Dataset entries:

Lemma converges_le s l c M N0 : converges s l ->
  (forall n, (N0 <= n)%N -> nrm2 (s n - c) <= M) -> nrm2 (l - c) <= M.
Proof.
move=> s_l bound; have M_ge0 : 0 <= M := le_trans (nrm2_ge0 _) (bound N0 (leqnn N0)).
have near t e : 0 < t -> 0 < e -> nrm2 (l - c) <= (1 + t) * M + (1 + t^-1) * e.
  move=> t_gt0 /s_l[N s_N]; set n := maxn N0 N.
  have -> : l - c = (s n - c) + - (s n - l) by rewrite opprB [RHS]addrC addrA subrK.
  apply: le_trans (nrm2D_le _ _ t_gt0) _; rewrite nrm2N.
  have tV_gt0 : 0 < t^-1 by rewrite invr_gt0.
  apply: lerD; apply: ler_wpM2l; rewrite ?bound ?leq_maxl //; try lra.
  exact/ltW/s_N/leq_maxr.
rewrite -subr_le0; apply: (@le0_if_le_mul_eps _ _ M) => t t_gt0.
have : nrm2 (l - c) - (1 + t) * M <= 0.
  by apply: (@le0_if_le_mul_eps _ _ (1 + t^-1)) => e e_gt0; have := near t e t_gt0 e_gt0; lra.
lra.
Qed.

Lemma converges_contraction (f : H -> H) s l :
  (forall x y, nrm2 (f x - f y) <= nrm2 (x - y)) -> converges s l -> converges (f \o s) (f l).
Proof.
by move=> f_contr s_l e /s_l[N s_N]; exists N => n nN; apply: le_lt_trans (f_contr _ _) (s_N n nN).
Qed.

Lemma cauchy_uniform_converges (I : Type) (u : nat -> I -> H) (l : I -> H) :
  (forall e, 0 < e -> exists N, forall m n i, (N <= m)%N -> (N <= n)%N ->
     nrm2 (u m i - u n i) < e) ->
  (forall i, converges (u ^~ i) (l i)) ->
  forall e, 0 < e -> exists N, forall n i, (N <= n)%N -> nrm2 (u n i - l i) <= e.
Proof.
move=> u_cauchy u_l e /u_cauchy[N u_N]; exists N => n i nN.
rewrite -nrm2N opprB; apply: (converges_le (u_l i) (N0 := N)) => m mN.
exact/ltW/u_N.
Qed.

End Convergence.

Section LinearMap.
Variable R : realType.
Variables H K : HilbertSpace R.
Variable f : H -> K.
Hypothesis f_lin : lin_map f.

Lemma lin_mapD x y : f (x + y) = f x + f y.
Proof. by have := f_lin 1 x y; rewrite !scale1r. Qed.

Lemma lin_map0 : f 0 = 0.
Proof. by apply: (addrI (f 0)); rewrite -lin_mapD !addr0. Qed.
Lemma Dk_dense k : dense (@Dk d T k).
Proof.
move=> p cond_p; set q := pad p (cn p + k).
have le_n : (cn p <= cn p + k)%N by apply: leq_addr.
exists (with_support q (k |` cs p)).
  apply: with_support_cond; [exact: pad_cond | exact: fsubsetU1 |].
  by move=> i _; apply: lip1_cf_pad.
split; last by rewrite /Dk /= leq_addl fset1U1.
by apply: cle_trans (pad_ext le_n) _; apply: with_support_ext; apply: fsubsetU1.
Qed.

Lemma Exi_dense xi : dense (@Exi d T xi).
Proof.
move=> p cond_p; have [v_xi | xi_notin] := boolP (xi \in cv p).
  by exists p; last split; [|exact: cle_refl|].
set q := pad p (cn p).+1; have le_n : (cn p <= (cn p).+1)%N by [].
exists (@add_point q xi (nseq_tuple _ true)).
  apply: add_point_cond => //; first exact: pad_cond.
  by move=> a _; apply: restr_neq_ones.
split; last exact: fset1U1.
apply: cle_trans (pad_ext le_n) _; exact: add_point_ext.
Qed.

End Forcing.

Theorem lemma3p3 (d : Order.disp_t) (T : orderType d) (HT : omega1_like T) :
  (forall k : nat, dense (@Dk d T k)) /\ (forall xi : T, dense (@Exi d T xi)).
Proof. by split=> [k | xi]; [exact: Dk_dense | exact: Exi_dense]. Qed.
From Stdlib Require Import Relations List ClassicalEpsilon ProofIrrelevance
  FunctionalExtensionality PropExtensionality.
Set Implicit Arguments.
Unset Strict Implicit.

(* For an autofunctor u, the map k |-> S~(u)(k) S~(u)(1_{src k})^-1 gives
   back u, and for an arbitrary endomorphism F of S~(G) the same formula
   k |-> F(k) F(1_{src k})^-1 is invariant under homotopy: a homotopy
   H : F => K sends the arrows (k,k) and (1,1) of S~(G), crossed with 0 -> 1,
   which lie in one block, to (K k, F k) and (K 1, F 1), so
   (K k)^-1 F k = (K 1)^-1 F 1.  Hence S~(u) ~= S~(v) forces u = v.
   Conversely this formula turns any endomorphism F of S~(G) into a functor
   u_F of G with F homotopic to S~(u_F), compatibly with composition, so
   every automorphism of S~(G) is homotopic to some S~(u) with u invertible.
   The group laws are the compatibility of ~= with composition. *)

(** * Groupoid algebra *)

(* Total composition: [cmp f g] is [f o g] when composable and, as a junk
   value, [f] otherwise.  It frees the algebra from proof arguments. *)
Definition cmp (G : Groupoid) (f g : mor G) : mor G :=
  match excluded_middle_informative (tgt g = src f) with
  | left H => comp f g H
  | right _ => f
  end.

Section Endpoints.
Variable G : Groupoid.
Implicit Types f g : mor G.

Lemma cmpE f g (H : tgt g = src f) : cmp f g = comp f g H.
Proof.
  unfold cmp. destruct excluded_middle_informative as [H'|n].
  - f_equal. apply proof_irrelevance.
  - contradiction.
Qed.

Lemma src_idm (x : ob G) : src (idm x) = x.
Proof. apply (gpd_is_cat G). Qed.

Lemma tgt_idm (x : ob G) : tgt (idm x) = x.
Proof. apply (gpd_is_cat G). Qed.

Lemma src_cmp f g : tgt g = src f -> src (cmp f g) = src g.
Proof. intro H. rewrite (cmpE H). apply (gpd_is_cat G). Qed.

Required work: Taking the records above as input, show every line in which the word "endomorphism" is present.

Result below:
   back u, and for an arbitrary endomorphism F of S~(G) the same formula
   Conversely this formula turns any endomorphism F of S~(G) into a functor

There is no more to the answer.